6. Incubate at 42˚C for 90 mins.
7. Terminate the reaction by heating at 72˚C for 10 min.
8. Dilute the final product by adding 30 µL of TE Buffer/dH20 (i.e. total of 40 µL of ss cDNA for each starting RNA extraction).
Second strand synthesis (modified from Clontech Advantage 2 PCR Kit)
1. Aliquot 10 µL of diluted ss cDNA into 4 labeled 0.5 mL reaction tubes.
2. Make a master mix for each reaction +1, using the following:
74 µL Di H20
10 µL 10X Advantage 2 PCR Buffer
2 µL 50X dNTP Mix (10 mM)
2 µL 5’ PCR Primer IIA (12 uM)
2 µL 50X Advantage 2 polymerase Mix
90 µL total reaction volume
3. Mix well by vortexing and briefly spin.

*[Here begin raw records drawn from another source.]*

Lemma V_sym i j k : (i < n)%nat -> (j < n)%nat -> (k < n)%nat -> V j i k = V i j k.
Proof.
  intros Hi Hj Hk. unfold V, fiber. symmetry. apply Hsym; [|apply perm_swap].
  change ((i :: j :: repeat 0%nat m) ++ [k]) with (i :: j :: (repeat 0%nat m ++ [k])).
  do 2 (apply indices_cons; [assumption|]). apply In_indices.
  rewrite length_app, repeat_length. split; [simpl; lia|].
  intros a Ha. apply in_app_iff in Ha as [Ha|[<-|[]]]; [apply repeat_spec in Ha; lia| exact Hk].
Qed.

(* Testing A against (a e_i + b e_j) (x) (c e_i + d e_j) (x) e_0 (x) ... (x) w. *)
Lemma test_ineq i j a b c d : (i < n)%nat -> (j < n)%nat -> i <> j ->
  a^2 + b^2 = 1 -> c^2 + d^2 = 1 ->
  normsq n (fun k => (a*c) * V i i k + (a*d + b*c) * V i j k + (b*d) * V j j k) <= s ^ 2.
Proof.
  intros Hi Hj Hij Hab Hcd.
  apply dual_bound; [lia|]. intros w Hw.
  assert (Hpad := pad_unit n w Hw (repeat 0%nat m) ltac:(rewrite repeat_length; apply repeat_indices; lia)).
  rewrite repeat_length in Hpad.
  set (x := cons_vec (fun p => a * ev i p + b * ev j p)
              (cons_vec (fun p => c * ev i p + d * ev j p) (pad (repeat 0%nat m) w))).
  assert (Hx : unit_vecs n (S (S (S m))) x).
  { apply unit_cons; [rewrite normsq_ev2; auto|].
    apply unit_cons; [rewrite normsq_ev2; auto| exact Hpad]. }
  assert (Hfib : forall p q, mform n (S m) (slice (slice A p) q) (pad (repeat 0%nat m) w) = dot n (V p q) w).
  { intros p q. rewrite <- (repeat_length 0%nat m) at 1. apply mform_pad.
    rewrite repeat_length. apply repeat_indices. lia. }
  specialize (Hbound x Hx). unfold x in Hbound.
  rewrite mform_cons_ev2, !mform_cons_ev2, !Hfib in Hbound by assumption.
  rewrite (dot_ext_l n (V j i) (V i j)) in Hbound by (intros; apply V_sym; assumption).
  rewrite dot_comb3. lra.
Qed.

Lemma pair_cancel i j : (i < n)%nat -> (j < n)%nat -> i <> j ->
  normsq n (V i i) = s^2 -> normsq n (V i j) = s^2 -> normsq n (V j j) = s^2 ->
  forall k, (k < n)%nat -> V i i k + V j j k = 0.
Proof.
  intros Hi Hj Hij HP HR HQ.
  rewrite normsq_dot in HP, HR, HQ.
  assert (T := fun a b c d => test_ineq i j a b c d Hi Hj Hij).
  assert (T1 := T (3/5) (4/5) 1 0 ltac:(lra) ltac:(lra)).
  assert (T2 := T (3/5) (-(4/5)) 1 0 ltac:(lra) ltac:(lra)).
  assert (T3 := T (3/5) (4/5) 0 1 ltac:(lra) ltac:(lra)).
  assert (T4 := T (3/5) (-(4/5)) 0 1 ltac:(lra) ltac:(lra)).
  assert (T5 := T (3/5) (4/5) (3/5) (4/5) ltac:(lra) ltac:(lra)).
  rewrite normsq_comb3, HP, HR, HQ in T1, T2, T3, T4, T5.
  assert (Hz : normsq n (fun k => 1 * V i i k + 0 * V i j k + 1 * V j j k) <= 0).
  { rewrite normsq_comb3, HP, HQ. lra. }
  intros k Hk.
  assert (E : (1 * V i i k + 0 * V i j k + 1 * V j j k) ^ 2 <= 0).
  { eapply Rle_trans; [|exact Hz].
    apply (term_le_lsum (fun k => (1 * V i i k + 0 * V i j k + 1 * V j j k) ^ 2));
      [intros; apply pow2_ge_0| apply in_seq; lia]. }
  nra.
Qed.

Lemma some_fiber_short : Defs.nonzero n (S (S (S m))) A ->
  exists i j, (i < n)%nat /\ (j < n)%nat /\ normsq n (V i j) < s ^ 2.
Proof.
  intro Hnz. apply NNPP. intro Hno.
  assert (Vmax : forall i j, (i < n)%nat -> (j < n)%nat -> normsq n (V i j) = s ^ 2).
  { intros i j Hi Hj. apply Rle_antisym.
    - apply (fiber_bound n (S (S m))); [lia| apply V_indices; assumption| exact Hbound].
    - apply Rnot_lt_le. intro Hlt. apply Hno. exists i, j. auto. }
  assert (Pc : forall i j, (i < n)%nat -> (j < n)%nat -> i <> j ->
                forall k, (k < n)%nat -> V i i k + V j j k = 0).
  { intros i j Hi Hj Hij. apply pair_cancel; try apply Vmax; assumption. }
  assert (Z : normsq n (V 0%nat 0%nat) = 0).
  { unfold normsq. rewrite (lsum_ext _ (fun _ => 0)), lsum_const; [ring|].
    intros k Hk. apply in_seq in Hk.
    assert (V 0%nat 0%nat k + V 1%nat 1%nat k = 0) by (apply Pc; lia).
    assert (V 1%nat 1%nat k + V 2%nat 2%nat k = 0) by (apply Pc; lia).
    assert (V 0%nat 0%nat k + V 2%nat 2%nat k = 0) by (apply Pc; lia).
    replace (V 0%nat 0%nat k) with 0 by lra. ring. }
  rewrite Vmax in Z by lia.
  destruct (sumsq_le_of_bounded n ltac:(lia) _ _ _ Hbound) as [Hle _].
  assert (Hpos := nonzero_sumsq_pos _ _ _ Hnz). rewrite Z in Hle. lra.
Qed.

Lemma sym_sumsq_lt : Defs.nonzero n (S (S (S m))) A ->
  sumsq n (S (S (S m))) A < INR n ^ S (S m) * s ^ 2.
Proof.
  intro Hnz. destruct (some_fiber_short Hnz) as [i [j [Hi [Hj Hlt]]]].
  apply (sumsq_lt_of_short_fiber n ltac:(lia) _ _ s (i :: j :: repeat 0%nat m));
    [apply V_indices| |]; assumption.
Qed.

End SymmetricStrict.

(* A bilinear multiplication on R^n with |p q| = |p| |q| and e_0 e_0 = e_0
   (a composition algebra: the quaternions for n = 4, the octonions for n = 8).
   Vectors are functions nat -> R, so the first two fields say that mul only
   reads the first n coordinates of its left argument and is linear in it. *)
Record normed_bilinear (n : nat) (mul : (nat -> R) -> (nat -> R) -> nat -> R) : Prop := {
  nb_ext_l : forall p p' q k, (forall m, (m < n)%nat -> p m = p' m) -> mul p q k = mul p' q k;
  nb_linear_l : forall a b p p' q k,
    mul (fun m => a * p m + b * p' m) q k = a * mul p q k + b * mul p' q k;
  nb_expand_r : forall p c k, lsum (map (fun i => c i * mul p (ev i) k) (seq 0 n)) = mul p c k;
  nb_norm : forall p q, normsq n (mul p q) = normsq n p * normsq n q;
  nb_unit : forall k, (k < n)%nat -> mul (ev 0) (ev 0) k = ev 0 k }.

Fixpoint chain (mul : (nat -> R) -> (nat -> R) -> nat -> R) (p : nat -> R) (x : vecs) (k : nat) : nat -> R :=
  match k with
  | O => p
  | S k' => chain mul (mul p (x 0%nat)) (shift x) k'
  end.

Fixpoint chain_tensor (mul : (nat -> R) -> (nat -> R) -> nat -> R) (p : nat -> R) (idx : list nat) : R :=
  match idx with
  | [] => 0
  | [i] => p i
  | i :: r => chain_tensor mul (mul p (ev i)) r
  end.

Section NormedBilinear.
Variables (n : nat) (mul : (nat -> R) -> (nat -> R) -> nat -> R).
Hypothesis Hmul : normed_bilinear n mul.

Lemma mul_lsum_l (l : list nat) (c : nat -> R) (q : nat -> nat -> R) y k :
  mul (fun m => lsum (map (fun i => c i * q i m) l)) y k = lsum (map (fun i => c i * mul (q i) y k) l).
Proof.
  induction l as [|a l IH]; simpl.
  - rewrite (nb_ext_l _ _ Hmul _ (fun m => 0 * y m + 0 * y m)) by (intros; ring).
    rewrite (nb_linear_l _ _ Hmul). ring.
  - rewrite (nb_ext_l _ _ Hmul _ (fun m => c a * q a m + 1 * lsum (map (fun i => c i * q i m) l)))
      by (intros; ring).
    rewrite (nb_linear_l _ _ Hmul), IH. ring.
Qed.

Lemma chain_ext : forall k q q' y, (forall m, (m < n)%nat -> q m = q' m) ->
  forall m, (m < n)%nat -> chain mul q y k m = chain mul q' y k m.
Proof.
  induction k as [|k IH]; intros q q' y Hq m Hm; simpl; [auto|].
  apply IH; auto. intros. apply (nb_ext_l _ _ Hmul). auto.
Qed.

Lemma chain_linear : forall k y w (l : list nat) (c : nat -> R) (q : nat -> nat -> R) (q0 : nat -> R),
  (forall m, (m < n)%nat -> q0 m = lsum (map (fun i => c i * q i m) l)) ->
  lsum (map (fun i => c i * dot n (chain mul (q i) y k) w) l) = dot n (chain mul q0 y k) w.
Proof.
  induction k as [|k IH]; intros y w l c q q0 Hq; simpl.
  - unfold dot. rewrite (lsum_ext _ (fun i => lsum (map (fun m => c i * q i m * w m) (seq 0 n)))).
    + rewrite lsum_swap. apply lsum_ext. intros m Hm. apply in_seq in Hm.
      rewrite Hq by lia. rewrite <- (Rmult_comm (w m)), <- lsum_scal. apply lsum_ext. intros; ring.
    + intros i _. rewrite <- lsum_scal. apply lsum_ext. intros; ring.
  - apply IH. intros m Hm. rewrite <- mul_lsum_l. apply (nb_ext_l _ _ Hmul). auto.
Qed.

Lemma chain_normsq : forall k p x, (forall j, (j < k)%nat -> normsq n (x j) = 1) ->
  normsq n (chain mul p x k) = normsq n p.
Proof.
  induction k as [|k IH]; intros p x Hx; simpl; [reflexivity|].
  rewrite IH.
  - rewrite (nb_norm _ _ Hmul), Hx by lia. ring.
  - intros j Hj. apply Hx. lia.
Qed.

Lemma chain_e0 : forall k m, (m < n)%nat -> chain mul (ev 0) (fun _ => ev 0) k m = ev 0 m.
Proof.
  induction k as [|k IH]; intros m Hm; simpl; [reflexivity|].
  rewrite (chain_ext k _ (ev 0)); auto. intros. apply (nb_unit _ _ Hmul). auto.
Qed.

Lemma slice_chain_tensor k p i : forall r, In r (indices n (S k)) ->
  slice (chain_tensor mul p) i r = chain_tensor mul (mul p (ev i)) r.
Proof.
  intros r Hr. apply In_indices in Hr as [Hl _]. destruct r; [discriminate| reflexivity].
Qed.

Lemma chain_tensor_mform : forall k p x,
  mform n (S k) (chain_tensor mul p) x = dot n (chain mul p x k) (x k).
Proof.
  induction k as [|k IH]; intros p x.
  - rewrite mform_S. apply lsum_ext. intros. rewrite mform_0. unfold slice. simpl. ring.
  - rewrite mform_S.
    rewrite (lsum_ext _ (fun i => x 0%nat i * dot n (chain mul (mul p (ev i)) (shift x) k) (shift x k))).
    + cbn [chain]. apply chain_linear. intros m Hm. symmetry. apply (nb_expand_r _ _ Hmul).
    + intros i _. rewrite <- IH. f_equal. apply mform_ext, slice_chain_tensor.
Qed.

Lemma chain_tensor_sumsq : forall k p, sumsq n (S k) (chain_tensor mul p) = INR n ^ k * normsq n p.
Proof.
  induction k as [|k IH]; intros p.
  - rewrite sumsq_1. simpl pow. rewrite Rmult_1_l. reflexivity.
  - rewrite sumsq_S.
    rewrite (lsum_ext _ (fun _ => INR n ^ k * normsq n p)).
    + rewrite lsum_const, length_seq. simpl. ring.
    + intros i Hi. apply in_seq in Hi.
      rewrite (sumsq_ext _ _ _ _ (slice_chain_tensor k p i)), IH, (nb_norm _ _ Hmul), normsq_ev by lia.
      ring.
Qed.

Hypothesis Hn : (1 <= n)%nat.

(* The tensor T = chain_tensor mul e_0 has ||T||_2 = 1 (Cauchy-Schwarz and
   multiplicativity of the norm, equality at x = (e_0, ..., e_0))
   and ||T||_F^2 = n^(d-1). *)
Lemma chain_tensor_spectral k : is_spectral_norm n (S k) (chain_tensor mul (ev 0)) 1.
Proof.
  split.
  - exists (fun _ => ev 0). split; [apply unit_vecs_iff; intros; apply normsq_ev; lia|].
    rewrite chain_tensor_mform, (dot_ext_l n _ (ev 0)) by (intros; apply chain_e0; auto).
    rewrite dot_ev by lia. unfold ev. reflexivity.
  - intros x Hx. rewrite unit_vecs_iff in Hx. rewrite chain_tensor_mform. apply dot_le_unit.
    + rewrite chain_normsq; [apply normsq_ev; lia|]. intros; apply Hx; lia.
    + apply Hx; lia.
Qed.

Lemma full_ratio k : is_approx_ratio full_space n (S k) (/ sqrt (INR n ^ k)).
Proof.
  assert (Hss : sumsq n (S k) (chain_tensor mul (ev 0)) = INR n ^ k).
  { rewrite chain_tensor_sumsq, normsq_ev by lia. ring. }
  assert (Hpow : 0 < INR n ^ k) by (apply pow_lt, lt_0_INR; lia).
  split.
  - exists (chain_tensor mul (ev 0)), 1. split; [exact I|].
    split; [apply sumsq_pos_nonzero; lra|]. split; [apply chain_tensor_spectral|].
    rewrite frob_sumsq, Hss. unfold Rdiv. ring.
  - intros A s _ Hnz Hspec. apply ratio_lower_bound; assumption.
Qed.

End NormedBilinear.

(* Quaternion multiplication in the basis 1, i, j, k. *)
Definition mul4 (p q : nat -> R) (k : nat) : R :=
  match k with
  | 0%nat =>  p 0%nat * q 0%nat - p 1%nat * q 1%nat - p 2%nat * q 2%nat - p 3%nat * q 3%nat
  | 1%nat =>  p 0%nat * q 1%nat + p 1%nat * q 0%nat + p 2%nat * q 3%nat - p 3%nat * q 2%nat
  | 2%nat =>  p 0%nat * q 2%nat - p 1%nat * q 3%nat + p 2%nat * q 0%nat + p 3%nat * q 1%nat
  | 3%nat =>  p 0%nat * q 3%nat + p 1%nat * q 2%nat - p 2%nat * q 1%nat + p 3%nat * q 0%nat
  | _ => 0
  end.

(* Octonion multiplication; multiplicativity of its norm is the eight-square identity. *)
Definition mul8 (p q : nat -> R) (k : nat) : R :=
  match k with
  | 0%nat =>  p 0%nat * q 0%nat - p 1%nat * q 1%nat - p 2%nat * q 2%nat - p 3%nat * q 3%nat - p 4%nat * q 4%nat - p 5%nat * q 5%nat - p 6%nat * q 6%nat - p 7%nat * q 7%nat
  | 1%nat =>  p 0%nat * q 1%nat + p 1%nat * q 0%nat + p 2%nat * q 3%nat - p 3%nat * q 2%nat + p 4%nat * q 5%nat - p 5%nat * q 4%nat - p 6%nat * q 7%nat + p 7%nat * q 6%nat
  | 2%nat =>  p 0%nat * q 2%nat - p 1%nat * q 3%nat + p 2%nat * q 0%nat + p 3%nat * q 1%nat + p 4%nat * q 6%nat + p 5%nat * q 7%nat - p 6%nat * q 4%nat - p 7%nat * q 5%nat
  | 3%nat =>  p 0%nat * q 3%nat + p 1%nat * q 2%nat - p 2%nat * q 1%nat + p 3%nat * q 0%nat + p 4%nat * q 7%nat - p 5%nat * q 6%nat + p 6%nat * q 5%nat - p 7%nat * q 4%nat
  | 4%nat =>  p 0%nat * q 4%nat - p 1%nat * q 5%nat - p 2%nat * q 6%nat - p 3%nat * q 7%nat + p 4%nat * q 0%nat + p 5%nat * q 1%nat + p 6%nat * q 2%nat + p 7%nat * q 3%nat
  | 5%nat =>  p 0%nat * q 5%nat + p 1%nat * q 4%nat - p 2%nat * q 7%nat + p 3%nat * q 6%nat - p 4%nat * q 1%nat + p 5%nat * q 0%nat - p 6%nat * q 3%nat + p 7%nat * q 2%nat
  | 6%nat =>  p 0%nat * q 6%nat + p 1%nat * q 7%nat + p 2%nat * q 4%nat - p 3%nat * q 5%nat - p 4%nat * q 2%nat + p 5%nat * q 3%nat + p 6%nat * q 0%nat - p 7%nat * q 1%nat
  | 7%nat =>  p 0%nat * q 7%nat - p 1%nat * q 6%nat + p 2%nat * q 5%nat + p 3%nat * q 4%nat - p 4%nat * q 3%nat - p 5%nat * q 2%nat + p 6%nat * q 1%nat + p 7%nat * q 0%nat
  | _ => 0
  end.

Lemma quaternions_normed : normed_bilinear 4 mul4.
Proof.
  split.
  - intros p p' q k Hp. destruct k as [|[|[|[|k]]]]; simpl; rewrite ?Hp by lia; reflexivity.
  - intros a b p p' q k. destruct k as [|[|[|[|k]]]]; simpl; ring.
  - intros p c k. unfold ev. destruct k as [|[|[|[|k]]]]; simpl; ring.
  - intros p q. unfold normsq. simpl. ring.
  - intros k Hk. unfold ev. destruct k as [|[|[|[|k]]]]; simpl; try ring; lia.
Qed.

Lemma octonions_normed : normed_bilinear 8 mul8.
Proof.
  split.
  - intros p p' q k Hp. destruct k as [|[|[|[|[|[|[|[|k]]]]]]]]; simpl; rewrite ?Hp by lia; reflexivity.
  - intros a b p p' q k. destruct k as [|[|[|[|[|[|[|[|k]]]]]]]]; simpl; ring.
  - intros p c k. unfold ev. destruct k as [|[|[|[|[|[|[|[|k]]]]]]]]; simpl; ring.
  - intros p q. unfold normsq. simpl. ring.
  - intros k Hk. unfold ev. destruct k as [|[|[|[|[|[|[|[|k]]]]]]]]; simpl; try ring; lia.
Qed.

4. Aliquot 90 µL of master mix into each tube from step 2.
5. Commence thermocycling using the following program:
95˚C 1 min
21 – 24 X cycles:
95˚C 15 sec
65˚C 30 sec
68˚C 6 mins
6. Optional: Quantify ds cDNA at different cycles to optimize. I use 21- 24 cycles for most species.
7. Optional: Combine final product into 1 tube.
8. Quantify total ds cDNA using high sensitivity Qubit reagents and/or gel. Typical yields of 2-25 µg total ds cDNA.
9. Purify PCR product using Agencourt Ampure XP beads (available from Beckman). Follow manual provided.